Keine Mitteilungspflicht an die Ausländerbehörden bei Notfallbehandlungen

Im Aufenthaltsgesetz gibt es eine Vorschrift, die deutlicher Ausdruck des staatlichen Kontrollwillens ist. Die Vorschrift wird von Hilfsorganisationen, der katholischen Kirchen und karitativen Organisationen heftig kritisiert.

Es geht dabei um die Vorschrift des § 87 Absatz 2 AufenthG. Danach haben öffentliche Stellen die Ausländerbehörde zu unterrichten, wenn sie etwas über den Aufenthalt eines Ausländers erfahren, der keinen erforderlichen Aufenthaltstitel oder eine Duldung besitzt.

Diese Mitteilungspflicht der öffentlichen Stellen an die Ausländerbehörde ist für illegal in Deutschland lebende Ausländer der Grund  gewesen, sich auch in medizinischen Notfällen, nicht an ein  Krankenhaus zu wenden..

Die Verwaltungsvorschriften zum Aufenthaltsgesetz stellen jetzt klar, dass sowohl Krankenhausärzte als auch das mit der Abrechnung in den Krankenhäusern befasste Verwaltungspersonal keine solche Übermittlungspflicht haben.

Damit ist gewährleistet, dass Notfall Behandlungen in Krankenhäusern durchgeführt werden können.

Die Übermittlungspflicht gilt auch nicht für die  Sozialämter, die von den Krankenhäusern die Kostenabrechnung erhalten. Auch in diesem Fall besteht keine Übermittlungspflicht der Sozialämter an die Ausländerbehörden.

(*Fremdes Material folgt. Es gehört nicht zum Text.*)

Theorem proposition2p5 (R : realType) (d n : nat)
  (v : 'I_n -> 'rV[int]_d) (h : 'rV[int]_d -> int) (om : 'I_n -> R)
  (beta : 'rV[int]_d) (r theta : 'I_n -> R)
  (w : 'rV[int]_d) (q : 'I_n -> rat) (S : {set 'I_n})
  (gam : 'I_n -> rat) (l : 'I_n -> int) :
  injective v ->
  (forall x y, h (x + y) = h x + h y) ->
  (forall j, h (v j) = 1) ->
  (forall x : 'rV[int]_d, exists c : 'I_n -> int, x = \sum_(j < n) v j *~ c j) ->
  is_regular_triangulation v om ->
  (forall j, 0 < r j) ->
  box_witness v om w q S ->
  toR R beta = \sum_(j < n) ratr (gam j) *: toR R (v j) ->
  (forall j, exists z : int, gam j - q j = z%:~R) ->
  in_L v l ->
  ~ in_S_Sigma v om gam l ->
  cmul v om (@mono R d w)
    (\big[cmul v om / @cone1 R d]_(j < n)
        zG_factor v om (r j) (theta j) ((l j)%:~R + ratr (gam j)) j)
  = (fun _ => 0).
Proof.
move=> _ _ _ _ _ _ box _ gam_q l_in notS.
have [[cS _] [q01 _]] := box.
have q_ge0 j : 0 <= q j by case/andP: (q01 j).
apply/funext => u; apply: contrapT => /cmul_supp [p1 [p2 [_ cc /mono_supp p1w prod]]].
subst p1; have [C [cC [wC p2C]]] := cc.
have [mu mu_c mu_pos] :=
  big_cmul_cell_coords cS (fun j => zG_factor_supp v om (r j) (theta j) _ j) prod.
have [T maxT CT] := cell_sub_max_cell cC.
apply: notS; split => //; exists T; split => // j.
move=> /(in_Supp_cases R (q_ge0 j) (gam_q j)) supp_j.
apply: (fintype.subsetP CT); apply: contraT => jC; case: supp_j => [q_gt0|[t t_lt0 a_t]].
- have := cell_coords_supp cC wC (box_cell_coords box) jC.
  by move/eqP; rewrite fmorph_eq0 (gt_eqF q_gt0).
- have := cell_coords_supp cC p2C mu_c jC.
  by move/eqP; rewrite (gt_eqF (mu_pos j (mem_index_enum j) (ex_intro2 _ _ t t_lt0 a_t))).
Qed.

Fristverlängerung bei der gesetzlichen Altfallregelung (Bleiberechtsregelung) durch die Innenministerkonferenz ?

1.   Nichtregierungsorganisationen, Verbände und Kirchen fordern seit langem eine Verlängerung der Frist bei der gesetzlichen Altfallregelung.

2.    Die Frist zur Verlängerung der Aufenthaltserlaubnisse nach der Altfallregelung läuft am 31.12.2009 ab. Zu dem Zeitpunkt muss bis jetzt gegenüber den Ausländerbehörden nachgewiesen werden, dass der Lebensunterhalt der Antragsteller in der Vergangenheit überwiegend gesichert war.

3. Es wird dabei bisher nicht berücksichtigt, dass aufgrund der Wirtschaftskrise viele Arbeitnehmer entweder ihre Arbeit verloren haben oder in Kurzarbeit sind und dadurch Lohneinbußen haben.

4. Die Verlängerung der Frist bei der gesetzlichen Altfallregelung kann deshalb dazu führen, dass in einer Vielzahl von Fällen dem Rückfall in die Duldung vorgebeugt werden kann.

5. Offensichtlich haben die Innenminister der Länder die Kritik aufgenommen. Bei der Anfang Dezember 2009 stattfindenden Innenministerkonferenz soll nun über eine solche Fristverlängerung diskutiert werden.